Tears rose to the eyes of the stoical Pillerault, and Césarine, weeping and overwhelmed, leaned her head upon the shoulder of Popinot, who was as pale and stark as a

statue.

"Let us go down stairs," said the ironmonger to the young man, as he took his arm.

X. B. SAINTINE.

PICCIOLA has preserved the name of Saintine. It is a sentimental story of a noble Italian prisoner who was consoled by the growth of a flowering plant between the stones of the courtyard adjoining his cell. The story introduces other characters, and even Napoleon and Josephine, and ends happily in the release and marriage of the prisoner. Xavier Boniface Saintine was born in Paris in 1790, and died in 1845. He published dramas, poems and romances, which have fallen into oblivion, but his tale of prison-life, though

somewhat artificial in plot, and affected in style, has enough of natural feeling to deserve remembrance.

PICCIOLA.

IN the story of "Picciola" Count Charney, an Italian scientist, was charged with plotting against Napoleon's government, and was imprisoned at Fenestrella. He was allowed no books, pens or paper. But his solitude was relieved by the sprouting of a plant between the stones of the courtyard.
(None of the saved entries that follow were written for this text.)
Theorem proposition2p6 (R : realType) :
  exists m0 : nat,
  forall (K : R) (z : R[i]), 0 < K ->
  exists N : nat,
  forall (b m : nat), (m0 <= m)%N -> (m <= b)%N -> (N <= b * m)%N ->
  forall Dt Ut Tt : 'I_m -> 'M[R[i]]_b,
  let D := fun i => scaleb (Dt i) in
  let U := fun i => scaleb (Ut i) in
  let T := fun i => scaleb (Tt i) in
  eventEK D U T z K ->
  forall v : 'rV[R[i]]_(\sum_(i < m) b),
    vnorm v = 1 ->
    (forall h, H1 (blockXz D U T z) h -> cdot h v = 0) ->
    forall i j : 'I_m, (j : nat) = i.+1 ->
      ((b%:R : R) ^- (10 * m) * (Num.sqrt (m%:R : R))^-1 <= vnorm (vblock v i))
      \/
      ((b%:R : R) ^- (10 * m) * (Num.sqrt (m%:R : R))^-1 <= vnorm (vblock v j)).
Proof.
exists 0%N => K z K0.
set N := Num.Def.archi_bound (4 * K ^+ 2 + 1).
have KN : 4 * K ^+ 2 + 1 < N%:R by apply: archi_boundP; have := sqr_ge0 K; lra.
exists N => b m _ mb Nbm Dt Ut Tt D U T HE v v1 orth i j ji.
set e := _ * _.
have [|small_i] := lerP e (vnorm (vblock v i)); first by left.
have [|small_j] := lerP e (vnorm (vblock v j)); first by right.
have m_gt0 : (0 < m)%N := leq_ltn_trans (leq0n i) (ltn_ord i).
have b_gt0 : (0 < b)%N := leq_trans m_gt0 mb.
have B1 : 1 <= (b%:R : R) by rewrite ler1n.
have KB : 4 * K ^+ 2 + 1 < (b%:R : R) ^+ 2.
  apply: lt_le_trans KN _; rewrite -natrX ler_nat; apply: leq_trans Nbm _.
  by rewrite expnS expn1 leq_mul2l mb orbT.
have sq_small (k : 'I_m) : vnorm (vblock v k) < e -> block_sqnorm v k <= e ^+ 2.
  move=> small; rewrite block_sqnormE -sqr_vnorm ler_pXn2r ?nnegrE ?sqrtr_ge0 ?ltW //.
  exact: le_lt_trans (sqrtr_ge0 _) small.
have im : (i.+1 < m)%N by rewrite -ji ltn_ord.
have small_i1 : block_sqnorm v i.+1 <= e ^+ 2 by rewrite -ji; apply: sq_small.
have := sqnorm_le_of_consecutive_small_blocks orth HE (ltW K0) b_gt0 im
  (sqr_ge0 e) (sq_small i small_i) small_i1.
rewrite -sqr_vnorm v1 expr1n => /le_lt_trans /(_ (propagated_bound_lt1 B1 KB m_gt0)).
by rewrite ltxx.
Qed.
He watched over it with great tenderness, and gave it the name Picciola, "the little one." In his day-dreams it seemed to assume a human personality.

One evening, while the Count was in the midst of a flight of fancy, Picciola for the first time dispelled the charm of happiness and serenity by the exercise of a sinister influence. At a later moment he recurred to the event as the effect of a fatal presentiment!

It was just as the fragrance of the plant indicated the sixth hour of evening, and Charney was musing at his accustomed post. Never had that aromatic vapor exercised its powers more potently; for more than thirty full-blown flowers were emitting the magnetic atmosphere, so influential over the senses of the Count. He fancied himself surrounded once more by the crowds of society; having drawn aside from which, towards an esplanade of verdure, his beloved Picciola deigned to follow his footsteps. The graceful phantom advanced smiling towards him, and Charney, in a musing attitude, stood admiring the supple grace of the young girl, around whose well-turned form the drapery of her snow-white dress played in harmonious folds, and her raven tresses, amid which bloomed the never-absent flower! On a sudden he saw her start, stagger, and extend her arms towards him. He tried to rush towards her; but an insurmountable obstacle seemed to separate him from her side. A cry of horror instantly escaped his lips, and lo! the vision disappears! He wakes, but it is to hear a second cry, respondent to his own; yes, the cry, the voice of a woman!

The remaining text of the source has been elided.